By default, we keep .git folders from the projects, as some need it to function (they use caching, very interesting). You can change this behaviour by setting the $remove_history flag in get-repo.sh to what you prefer. Not having the git history will save you a massive amount of disk space.

Adding a Datapoint

Adding a datapoint to an existing project is rather easy.

First, you should prepare your contribution by looking for the following key-points:

  • Issues & PRs
  • Creating a patch with the test
  • Description of the bug
  • The commit that visibly fixed the bug (to find bug-locations)

A description of how to make the test-patch is given in a short readme file.

With these items ready, you can run /references/repository/create-bug.sh. It will ask you some questions in the command line and create the files accordingly. The only thing that has to be adjusted afterwards are the datapoint.json for the bug-location and maybe the Dockerfile.

Usually the existing Dockerfile works and does not need to be changed. In case it doesn’t work, the best way to fix it is by inspecting the projects README and cabal/stack files at the time of commit.

Adding a new Project consists of a few more steps:

First, you need to run the toplevel /setup.sh to load more shell files into your command line. Once this worked, you can create a new project by running create-repo. It will ask you for a bit of information, such as repository url, build- & test-frameworks and ghc versions.

Next, you should setup a promising Dockerfile to run the project’s build.
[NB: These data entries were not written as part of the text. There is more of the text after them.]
(* Let $m\ge 1$ and $A=(a_0,\ldots,a_m)$ real with $a_0,a_m\neq0$. If $w$ is a nonzero complex number with $P_A(w)=P_A(w^{-1})=0$, then $T_{n,A}\!\left(\tfrac12(w+w^{-1})\right)=0$ for all $n\ge m$.
   Context: $T_k$ denotes the Chebyshev polynomial of the first kind, $T_k(\cos\theta)=\cos k\theta$. For $A=(a_0,\ldots,a_m)$ real with $a_0,a_m\ne0$ and $n\ge m$, $T_{n,A}(x)=\sum_{i=0}^m a_iT_{n-i}(x)$ and $P_A(x)=\sum_{i=0}^m a_ix^{m-i}$. *)

From HB Require Import structures.
From mathcomp Require Import all_boot all_order all_algebra.
Set Implicit Arguments. Unset Strict Implicit. Unset Printing Implicit Defensive.
Import Order.TTheory GRing.Theory Num.Theory.
Local Open Scope ring_scope.

Fixpoint chebT (R : nzRingType) (k : nat) : {poly R} :=
  match k with
  | 0%N => 1
  | 1%N => 'X
  | (k'.+1 as k1).+1 => ('X *+ 2) * chebT R k1 - chebT R k'
  end.

(* A = (a_0, ..., a_m) is given by a : nat -> R, using indices 0..m. *)
Definition chebTA (R : nzRingType) (n m : nat) (a : nat -> R) : {poly R} :=
  \sum_(i < m.+1) a i *: chebT R (n - i)%N.

Definition PA (R : nzRingType) (m : nat) (a : nat -> R) : {poly R} :=
  \sum_(i < m.+1) a i *: 'X^(m - i)%N.

From HB Require Import structures.
From mathcomp Require Import all_boot all_order all_algebra.
From mathcomp Require Import ring zify.
Import Order.TTheory GRing.Theory Num.Theory.
Local Open Scope ring_scope.

(* Put x = (w + u) / 2 with w * u = 1.  The power sums
   s_k = w^k + u^k obey the Chebyshev recurrence s_{k+2} = 2x s_{k+1} - s_k,
   so T_k(x) = s_k / 2 (the algebraic form of T_k(cos t) = cos(kt)).
   Consequently, for n >= m, splitting n - i = (n - m) + (m - i) gives
     2 T_{n,A}(x) = w^(n-m) P_A(w) + u^(n-m) P_A(u),
   and taking u = w^-1 the right-hand side vanishes when w and w^-1 are
   both roots of P_A. *)

Section ChebyshevAtSymmetricPoint.

Variables (F : fieldType) (w u : F).
Hypothesis wu1 : w * u = 1.
Hypothesis two_neq0 : (2%:R : F) != 0.

Lemma power_sum_rec (k : nat) :
  w ^+ k.+2 + u ^+ k.+2 = (w + u) * (w ^+ k.+1 + u ^+ k.+1) - (w ^+ k + u ^+ k).
Proof.
have -> : w ^+ k + u ^+ k = (w * u) * (w ^+ k + u ^+ k) by rewrite wu1 mul1r.
by rewrite !exprS; ring.
Qed.

(* T_k((w + u) / 2) = (w^k + u^k) / 2, proved for k and k+1 simultaneously
   because the recurrence defining T_k has depth two. *)
Lemma horner_chebT_sym (k : nat) :
  (chebT F k).[(w + u) / 2%:R] = (w ^+ k + u ^+ k) / 2%:R.
Proof.
suff [] : (chebT F k).[(w + u) / 2%:R] = (w ^+ k + u ^+ k) / 2%:R /\
          (chebT F k.+1).[(w + u) / 2%:R] = (w ^+ k.+1 + u ^+ k.+1) / 2%:R by [].
elim: k => [|k [IHk IHk1]].
  by rewrite /= hornerC hornerX expr0 expr1; split=> //; field.
split=> //.
rewrite [chebT F k.+2]/= hornerD hornerN hornerM hornerMn hornerX IHk IHk1.
by rewrite power_sum_rec; field.
Qed.

End ChebyshevAtSymmetricPoint.

Lemma horner_PA (R : comNzRingType) (m : nat) (a : nat -> R) (x : R) :
  (PA m a).[x] = \sum_(i < m.+1) a i * x ^+ (m - i).
Proof. by rewrite /PA horner_sum; apply: eq_bigr => i _; rewrite hornerZ hornerXn. Qed.

Lemma horner_chebTA_sym (F : fieldType) (w u : F) (m n : nat) (a : nat -> F) :
  w * u = 1 -> (2%:R : F) != 0 -> (m <= n)%N ->
  (chebTA n m a).[(w + u) / 2%:R] =
    (w ^+ (n - m) * (PA m a).[w] + u ^+ (n - m) * (PA m a).[u]) / 2%:R.
Proof.
move=> wu1 two_neq0 mn.
rewrite /chebTA horner_sum !horner_PA !mulr_sumr -big_split mulr_suml /=.
apply: eq_bigr => i _.
have split_exp : (n - i = (n - m) + (m - i))%N by have := ltn_ord i; lia.
by rewrite hornerZ horner_chebT_sym // split_exp !exprD; ring.
Qed.

Theorem corollary2p2 (C : numClosedFieldType) (m : nat) (a : nat -> C) :
  (1 <= m)%N ->
  (forall i, (i <= m)%N -> a i \is Num.real) ->
  a 0%N != 0 -> a m != 0 ->
  forall w : C, w != 0 ->
  (PA m a).[w] = 0 -> (PA m a).[w^-1] = 0 ->
  forall n : nat, (m <= n)%N ->
  (chebTA n m a).[(w + w^-1) / 2%:R] = 0.
Proof.
move=> _ _ _ _ w w_neq0 Pw Pwinv n mn.
have wwinv : w * w^-1 = 1 by rewrite mulfV.
have two_neq0 : (2%:R : C) != 0 by rewrite pnatr_eq0.
by rewrite horner_chebTA_sym // Pw Pwinv !mulr0 addr0 mul0r.
Qed.
Lemma arc_uniq a L : L < g -> uniq (cyc a :: arc a L).
Proof.
move=> lt_Lg; rewrite -[_ :: _]/(map cyc (iota a L.+1)) -[a]addn0 iotaDl -map_comp.
rewrite map_inj_in_uniq ?iota_uniq // => i j; rewrite !mem_iota /= => lt_iL lt_jL.
rewrite /cyc => /eqP; rewrite nth_uniq ?ltn_pmod // eqn_modDl => /eqP.
by rewrite !modn_small //; apply: leq_trans lt_Lg.
Qed.

Lemma girth_le_arc_closure a L I : L < g -> uniq I -> {in I, forall y, y \notin c} ->
  path e (cyc (a + L)) (rcons I (cyc a)) -> 3 <= L.+1 + size I -> g <= L.+1 + size I.
Proof.
move=> lt_Lg uI offI pI ge3.
have arc_sub : {subset cyc a :: arc a L <= c}.
  move=> y; rewrite -[_ :: _]/(map cyc (iota a L.+1)) => /mapP [i _ ->].
  by rewrite mem_nth ?ltn_pmod.
have -> : L.+1 + size I = size ((cyc a :: arc a L) ++ I) by rewrite size_cat /= size_map size_iota.
apply/c_min/cycle_of_len_size; first by rewrite size_cat /= size_map size_iota.
  rewrite cat_uniq arc_uniq // uI andbT; apply/hasPn => y /offI.
  by apply: contra => /arc_sub.
by rewrite /cycle /= rcons_cat cat_path arc_path last_arc.
Qed.

(* Otherwise the detour and the shorter arc would close a cycle shorter than g. *)
Lemma cycle_dist_le_detour q r I : q < g -> r < g -> uniq I -> {in I, forall y, y \notin c} ->
  path e (nth x0 c q) (rcons I (nth x0 c r)) -> cycle_dist g q r <= (size I).+1.
Proof.
wlog le_rq : q r I / cycle_steps g r q <= cycle_steps g q r.
  move=> wlog_le lt_qg lt_rg uI offI pI.
  case: (leqP (cycle_steps g r q) (cycle_steps g q r)) => [|/ltnW] le_steps; first exact: wlog_le.
  rewrite (cycle_dist_sym g q r) -(size_rev I); apply: wlog_le; rewrite ?rev_uniq //.
    by move=> y; rewrite mem_rev; apply: offI.
  exact: (path_rcons_rev e_sym pI).
move=> lt_qg lt_rg uI offI pI; rewrite leqNgt; apply/negP => lt_detour.
have := cycle_dist_double g q r.
rewrite cycle_dist_steps // (minn_idPr le_rq) in lt_detour *.
have := @girth_le_arc_closure r (cycle_steps g r q) I (cycle_steps_lt lt_rg lt_qg) uI offI.
rewrite /cyc cycle_steps_modn // !modn_small // => /(_ pI); lia.
Qed.

(* Cut P at its first return to the cycle and induct on the remainder. *)
Lemma cycle_dist_le_path q r P : q < g -> r < g -> path e (nth x0 c q) P ->
  last (nth x0 c q) P = nth x0 c r -> uniq (nth x0 c q :: P) -> cycle_dist g q r <= size P.
Proof.
move=> + lt_rg; have [n] := ubnP (size P); elim: n q P => // n IHn q P lt_Pn lt_qg pP lP uP.
have [P0|P_ne] := eqVneq P [::].
  move: lP; rewrite P0 /= => /eqP; rewrite nth_uniq // => /eqP ->.
  by rewrite /cycle_dist; lia.
have has_c : has (mem c) P.
  apply/hasP; exists (last (nth x0 c q) P); last by rewrite /= lP mem_nth.
  by case: P P_ne {lt_Pn pP lP uP} => // z P _ /=; exact: mem_last.
case: (split_find has_c) lt_Pn pP lP uP => y I Q cy /hasPn offI.
rewrite size_cat size_rcons cat_path last_rcons last_cat last_rcons => lt_Pn /andP [pI pQ] lQ.
move=> /= /andP [_]; rewrite cat_rcons cat_uniq => /and3P [uI _ uQ].
have [lt_yg def_y] : index y c < g /\ nth x0 c (index y c) = y by rewrite index_mem nth_index.
have := cycle_dist_triangle lt_qg lt_yg lt_rg.
have := cycle_dist_le_detour lt_qg lt_yg uI offI; rewrite def_y => /(_ pI).
have lt_Qn : size Q < n by move: lt_Pn; rewrite addSn ltnS; apply: leq_ltn_trans; rewrite leq_addl.
have := IHn (index y c) Q lt_Qn lt_yg; rewrite def_y => /(_ pQ lQ uQ).
by move=> le_yr le_qy /leq_trans; apply; apply: leq_add.
Qed.

Lemma dist_girth_cycle i j : i < g -> j < g ->
  dist e (nth x0 c i) (nth x0 c j) = cycle_dist g i j.
Proof.
move=> lt_ig lt_jg; apply/eqP; rewrite eqn_leq; apply/andP; split; last first.
  have [P [pP lP uP <-]] := shortest_path e_conn (nth x0 c i) (nth x0 c j).
  exact: cycle_dist_le_path.
have dist_arc k l : k < g -> l < g -> dist e (nth x0 c k) (nth x0 c l) <= cycle_steps g k l.
  move=> lt_kg lt_lg; have := dist_le_size (arc_path k (cycle_steps g k l)).
  by rewrite last_arc /cyc cycle_steps_modn // modn_small // size_map size_iota.
by rewrite cycle_dist_steps // leq_min dist_arc // (dist_sym e_sym e_conn) dist_arc.
Qed.

End GirthCycle.

Definition delete_vertex (T : finType) (e : rel T) (v : T) : rel T :=
  [rel a b | [&& e a b, a != v & b != v]].

Section DeleteVertex.
Variables (T : finType) (e : rel T) (v : T).
Hypotheses (e_sym : symmetric e) (e_conn : connected_graph e).

Lemma delete_vertex_connect_sym : connect_sym (delete_vertex e v).
Proof. by apply: sym_connect_sym => a b; rewrite /delete_vertex /= e_sym [(a != v) && _]andbC. Qed.

Lemma path_delete_vertex x p : path e x p -> v \notin x :: p -> path (delete_vertex e v) x p.
Proof.
elim: p x => //= y p IHp x /andP [exy pyp]; rewrite !inE !negb_or => /and3P [xv yv pv].
rewrite IHp ?inE ?negb_or ?yv // andbT.
by rewrite /delete_vertex /= exy eq_sym xv eq_sym yv.
Qed.
Lemma proper_nbhd_lift (S S' : {set T}) v w :
  S' \subset S -> nbhd e S' v \proper nbhd e S' w ->
  {in S :\: S', forall u, e v u -> e w u} -> nbhd e S v \proper nbhd e S w.
Proof.
move=> /subsetP S'S /properP[vw [y]]; rewrite !inE => /andP[yS' wy].
rewrite yS' /= => vy out; apply/properP; split; last first.
  by exists y; rewrite !inE S'S ?wy ?(negbTE vy) ?andbF.
apply/subsetP => u; rewrite !inE => /andP[uS vu]; rewrite uS /=.
have [uS'|uS'] := boolP (u \in S'); first exact: nbhd_subset_adj vw uS' vu.
by apply: out; rewrite // inE uS' uS.
Qed.

Lemma exists_noncorner (S : {set T}) :
  S != set0 -> exists2 v, v \in S & v \notin strict_corners e S.
Proof.
case/set0Pn => v0 v0S; have [v vS vmax] := arg_maxnP (fun v => #|nbhd e S v|) v0S.
exists v => //; apply/strict_cornersP => -[_ [w wS /proper_card vw]].
by have /= := vmax w wS; rewrite leqNgt vw.
Qed.

End Neighbourhoods.

Section Ranking.
Variables (T : finType) (e : rel T).

Lemma next_stage_sub (S : {set T}) : next_stage e S \subset S.
Proof. by rewrite /next_stage; case: ifP => _; rewrite ?sub0set ?subsetDl. Qed.

Lemma stage_sub i j : i <= j -> stage e j \subset stage e i.
Proof.
apply: (@homo_leq _ (stage e) (fun A B => B \subset A)) => [A|B A C|[|n]] //.
- by move=> AB BC; apply: subset_trans BC AB.
- exact: next_stage_sub.
Qed.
We recommend you first create your first datapoint, and then re-use the docker image that worked there.

We also encourage you to write a short notes.md for the repository that contains any information particularly important, e.g. build times and image size.

Contributing your bug is highly appreciated! We are looking forward to your PR. Do not hesitate to @ us, or to open issues. We are, however, dreadfully busy people so it can take a bit until we come back to you. Also, it can be that we change some elements of the datapoint before merge, e.g. the wording of the bug-issue or categories, to fit with existing granularity.